(* Let $G$ be a finite game that is $(\lambda,\mu)$-smooth with $\mu>0$ (with respect to a fixed welfare maximizer $a^*$). Then every sink equilibrium $\sigma$ of the better-response process of $G$ has a joint action $\tilde a$ in its support with $W(\tilde a)\ge\frac{\lambda}{\mu}W(a^* )$.
   Context: A finite game $G$ consists of agents $N=\{1,\dots,n\}$, finite nonempty action sets $\mathcal A_i$, joint action set $\mathcal A=\mathcal A_1\times\cdots\times\mathcal A_n$, a welfare function $W:\mathcal A\to\mathbb R_{\ge 0}$ and utility functions $U_i:\mathcal A\to\mathbb R$, $i\in N$. For $a\in\mathcal A$, $a_{-i}$ denotes the actions of all agents other than $i$, and $(b_i,a_{-i})$ is the joint action obtained from $a$ by replacing $a_i$ with $b_i$. Fix $a^*\in\arg\max_{a\in\mathcal A}W(a)$. For $\mu\ge\lambda\ge0$, $G$ is $(\lambda,\mu)$-smooth if $\sum_{i=1}^n\big(U_i(a)-U_i(a^*_i,a_{-i})\big)\le\mu W(a)-\lambda W(a^* )$ for all $a\in\mathcal A$. The better response set of agent $i$ at $a$ is $\mathrm{br}_i(a)=\{b_i\in\mathcal A_i: U_i(b_i,a_{-i})\ge U_i(a)\}$. The better-response process is the Markov chain on $\mathcal A$ in which, from state $a$, an agent $i$ is chosen uniformly at random from $N$, then $b_i$ is chosen uniformly at random from $\mathrm{br}_i(a)$, and the next state is $(b_i,a_{-i})$. A sink strongly connected component of this chain is a nonempty set $S\subseteq\mathcal A$ such that for all $a,\bar a\in S$ there is a positive-probability path from $a$ to $\bar a$, and no state outside $S$ is reachable with positive probability from $S$. A sink equilibrium of the better-response process is a stationary distribution of this chain whose support equals a sink strongly connected component. *)

From HB Require Import structures.
From mathcomp Require Import all_boot all_order all_algebra.
Set Implicit Arguments. Unset Strict Implicit. Unset Printing Implicit Defensive.
Import Order.TTheory GRing.Theory Num.Theory.
Local Open Scope ring_scope.

Section Game.
Variable R : realFieldType.
Variables (I : finType) (A : I -> finType).

Definition joint := {dffun forall i : I, A i}.

Definition upd (a : joint) (i : I) (b : A i) : joint :=
  [ffun j => if @eqP _ i j is ReflectT e then ecast k (A k) e b else a j].

Arguments upd a i b : clear implicits.
Variable U : I -> joint -> R.

Definition br (i : I) (a : joint) : {set (A i)} :=
  [set b : (A i) | U i a <= U i (upd a i b)].

Definition brP (a a' : joint) : R :=
  (#|I|%:R)^-1 * \sum_(i : I)
     (#|br i a|%:R)^-1 * \sum_(b in br i a) (upd a i b == a')%:R.

Definition step : rel joint := fun a a' => 0 < brP a a'.
Definition reach (a a' : joint) : bool := connect step a a'.

Definition sink_scc (S : {set joint}) : Prop :=
  [/\ S != set0,
      (forall a b, a \in S -> b \in S -> reach a b) &
      (forall a b, a \in S -> reach a b -> b \in S)].

Definition stationary (sigma : joint -> R) : Prop :=
  [/\ forall a, 0 <= sigma a,
      \sum_a sigma a = 1 &
      forall a', sigma a' = \sum_a sigma a * brP a a'].

Definition sink_equilibrium (sigma : joint -> R) : Prop :=
  stationary sigma /\ sink_scc [set a | sigma a != 0].

Definition smooth (W : joint -> R) (astar : joint) (lambda mu : R) : Prop :=
  [/\ 0 <= lambda, lambda <= mu &
      forall a, \sum_i (U i a - U i (upd a i (astar i))) <= mu * W a - lambda * W astar].
End Game.

From HB Require Import structures.
From mathcomp Require Import all_boot all_order all_algebra.
Set Implicit Arguments. Unset Strict Implicit. Unset Printing Implicit Defensive.
Import Order.TTheory GRing.Theory Num.Theory.
Local Open Scope ring_scope.

(* Among the joint actions in the support of a sink equilibrium, take one, a,
   agreeing with astar in as many coordinates as possible.  If W a were below
   (lambda / mu) W astar, smoothness would make the sum of the deviation gains
   U_i (astar_i, a_-i) - U_i a positive, so some agent i strictly gains by
   switching to astar_i.  That switch is a better response, hence a
   positive-probability transition, so it stays in the sink component while
   agreeing with astar in one more coordinate: a contradiction. *)

Section UnilateralDeviation.
Variables (I : finType) (A : I -> finType).
Implicit Types (a : joint A) (i j : I).

Lemma upd_same a i (b : A i) : upd a b i = b.
Proof. by rewrite ffunE; case: eqP => // e; rewrite (eq_irrelevance e erefl). Qed.

Lemma upd_other a i (b : A i) j : i != j -> upd a b j = a j.
Proof. by move=> nij; rewrite ffunE; case: eqP => // e; rewrite e eqxx in nij. Qed.

Lemma upd_id a i : upd a (a i) = a.
Proof.
apply/ffunP => j; have [<-|nij] := eqVneq i j; first by rewrite upd_same.
by rewrite upd_other.
Qed.

Definition agreement (a b : joint A) : nat := #|[set j | a j == b j]|.

Lemma agreement_upd_gt a (b : joint A) i :
  a i != b i -> (agreement a b < agreement (upd a (b i)) b)%N.
Proof.
move=> abi; apply: proper_card; apply/properP; split.
  apply/subsetP => j; rewrite !inE => /eqP abj.
  have [<-|nij] := eqVneq i j; first by rewrite upd_same.
  by rewrite upd_other // abj.
by exists i; rewrite !inE ?upd_same // (negbTE abi).
Qed.

End UnilateralDeviation.

Section BetterResponse.
Variables (R : realFieldType) (I : finType) (A : I -> finType).
Variable U : I -> joint A -> R.
Implicit Types (a : joint A) (i : I).

Lemma step_better_response a i (b : A i) : b \in br U i a -> step U a (upd a b).
Proof.
move=> b_br; have I_gt0 : (0 < #|I|)%N by apply/card_gt0P; exists i.
have br_gt0 : (0 < #|br U i a|)%N by apply/card_gt0P; exists b.
rewrite /step /brP mulr_gt0 ?invr_gt0 ?ltr0n // (bigD1 i) //=.
rewrite ltr_pwDl ?sumr_ge0 // => [|j _]; last first.
  by rewrite mulr_ge0 ?invr_ge0 ?ler0n ?sumr_ge0.
rewrite mulr_gt0 ?invr_gt0 ?ltr0n // (bigD1 b) //= eqxx.
by rewrite ltr_pwDl ?ltr01 ?sumr_ge0.
Qed.

Lemma sink_scc_step (S : {set joint A}) a a' :
  sink_scc U S -> a \in S -> step U a a' -> a' \in S.
Proof. by case=> _ _ S_closed aS /connect1; apply: S_closed. Qed.

Lemma smooth_profitable_deviation (W : joint A -> R) astar lambda mu a :
  smooth U W astar lambda mu -> 0 < mu -> W a < lambda / mu * W astar ->
  exists i, U i a < U i (upd a (astar i)).
Proof.
case=> _ _ smoothU mu_gt0 lowW.
have gains_neg : \sum_i (U i a - U i (upd a (astar i))) < 0.
  apply: le_lt_trans (smoothU a) _; rewrite subr_lt0.
  by rewrite mulrC -ltr_pdivlMr // mulrAC.
apply/existsP; apply: contraLR gains_neg; rewrite negb_exists => /forallP no_gain.
by rewrite -leNgt sumr_ge0 // => i _; rewrite subr_ge0 leNgt no_gain.
Qed.

End BetterResponse.

Theorem proposition4 (R : realFieldType) (I : finType) (A : I -> finType)
    (W : joint A -> R) (U : I -> joint A -> R) (astar : joint A)
    (lambda mu : R) (sigma : joint A -> R) :
  (0 < #|I|)%N ->
  (forall a, 0 <= W a) ->
  (forall a, W a <= W astar) ->
  smooth U W astar lambda mu ->
  0 < mu ->
  sink_equilibrium U sigma ->
  exists at_ : joint A, sigma at_ != 0 /\ lambda / mu * W astar <= W at_.
Proof.
move=> _ _ _ smoothU mu_gt0 [_ sinkS].
set S := [set a | sigma a != 0] in sinkS.
have [Sne _ _] := sinkS; have /set0Pn[a0 a0S] := Sne.
have [a aS a_max] :=
  @arg_maxnP _ a0 (fun x => x \in S) (fun a => agreement a astar) a0S.
have [lowW|highW] := ltrP (W a) (lambda / mu * W astar);
  last by exists a; rewrite inE in aS.
have [i gain] := smooth_profitable_deviation smoothU mu_gt0 lowW.
have ai_ne : a i != astar i by apply: contraTneq gain => <-; rewrite upd_id ltxx.
have deviation_br : astar i \in br U i a by rewrite inE ltW.
have devS := sink_scc_step sinkS aS (step_better_response deviation_br).
by have := a_max _ devS; rewrite /= leqNgt agreement_upd_gt.
Qed.
(* In the age-structured map $h$ of the context, let $\bm{\hat{y}}$ be an equilibrium whose adult part $\bm{\hat{x}}$ has $\hat{x}_i=0$ for $i$ in a nonempty set $Z\subseteq\mathcal{M}$ and $\hat{x}_i>0$ for $i\in\mathcal{M}\setminus Z$. Assume that for every $i\in\mathcal{M}$, $\hat{x}_i=0$ implies $\hat{x}_iG_i(\bm{\hat{x}})=0$. Let $\bm{\hat{J}}$ be the Jacobian of $h$ at $\bm{\hat{y}}$ and let $\bm{J}^\bullet$ be its principal submatrix indexed by all age classes of the species in $\mathcal{M}\setminus Z$, and assume $\rho(\bm{J}^\bullet)<1$ (vacuous if $Z=\mathcal{M}$). If $$|G_i(\bm{\hat{x}})|\prod_{a=0}^{\delta_i-1}\sigma_{a\mid i} < z_i\quad\text{for all } i\in Z,$$ then $\rho(\bm{\hat{J}})<1$, i.e. $\bm{\hat{y}}$ is locally asymptotically stable.
   Context: Let $m\ge1$, $\mathcal{M}=\{1,\dots,m\}$. For each species $i$: delay $\delta_i\in\{0,1,2,\dots\}$; survival probabilities $\sigma_{a\mid i}\in(0,1]$ for $a=0,\dots,\delta_i-1$, adult survival $\sigma_{\delta_i\mid i}\in(0,1)$, adult mortality $z_i=1-\sigma_{\delta_i\mid i}$; empty products equal $1$. $G_i:\mathbb{R}^m\to\mathbb{R}$ differentiable. State $\bm{y}=(y_{a\mid i})$, $i\in\mathcal{M}$, $0\le a\le\delta_i$; adults $\bm{x}=(y_{\delta_1\mid1},\dots,y_{\delta_m\mid m})^\top$. Map $h$: if $\delta_i>0$, $h_{0\mid i}(\bm{y})=G_i(\bm{x})y_{\delta_i\mid i}$, $h_{a\mid i}(\bm{y})=\sigma_{a-1\mid i}y_{a-1\mid i}$ ($1\le a\le\delta_i-1$), $h_{\delta_i\mid i}(\bm{y})=\sigma_{\delta_i-1\mid i}y_{\delta_i-1\mid i}+\sigma_{\delta_i\mid i}y_{\delta_i\mid i}$; if $\delta_i=0$, $h_{0\mid i}(\bm{y})=\sigma_{0\mid i}y_{0\mid i}+G_i(\bm{x})y_{0\mid i}$. $\rho(\cdot)$ is spectral radius; an equilibrium is locally asymptotically stable if the Jacobian of $h$ there has spectral radius $<1$. *)

From HB Require Import structures.
From mathcomp Require Import all_boot all_order all_algebra.
From mathcomp Require Import all_classical all_reals all_analysis.
From mathcomp Require Import complex.
Set Implicit Arguments. Unset Strict Implicit. Unset Printing Implicit Defensive.
Import Order.TTheory GRing.Theory Num.Theory.
Local Open Scope ring_scope.
Local Open Scope classical_set_scope.

(* Spectral radius of a real square matrix: the supremum of the moduli of its
   complex eigenvalues (sup of the empty set is 0, so a 0x0 matrix has
   spectral radius 0). *)
Definition spectral_radius (R : realType) (n : nat) (A : 'M[R]_n) : R :=
  sup [set r : R | exists l : R[i],
         eigenvalue (map_mx (fun x : R => (x%:C)%C) A) l /\ (r%:C)%C = `|l|].

Definition age_class (m : nat) (delta : 'I_m -> nat) : finType :=
  {i : 'I_m & 'I_(delta i).+1}.

Definition dimS (m : nat) (delta : 'I_m -> nat) : nat := #|age_class delta|.

(* coordinate index of age class (i, a) (a is truncated into [0, delta_i]) *)
Definition idx (m : nat) (delta : 'I_m -> nat) (i : 'I_m) (a : nat)
  : 'I_(dimS delta) :=
  enum_rank (Tagged (fun j : 'I_m => 'I_(delta j).+1) (inord a : 'I_(delta i).+1)).

Definition yat (m : nat) (delta : 'I_m -> nat) (R : realType)
  (y : 'rV[R]_(dimS delta)) (i : 'I_m) (a : nat) : R := y 0 (idx delta i a).

Definition adults (m : nat) (delta : 'I_m -> nat) (R : realType)
  (y : 'rV[R]_(dimS delta)) : 'rV[R]_m :=
  \row_i yat y i (delta i).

**Instructions to follow**
Start at the line containing "Definition adults (m" and copy each line through the last one in the records, exactly and with nothing added.

**Task response**
Definition adults (m : nat) (delta : 'I_m -> nat) (R : realType)
  (y : 'rV[R]_(dimS delta)) : 'rV[R]_m :=
  \row_i yat y i (delta i).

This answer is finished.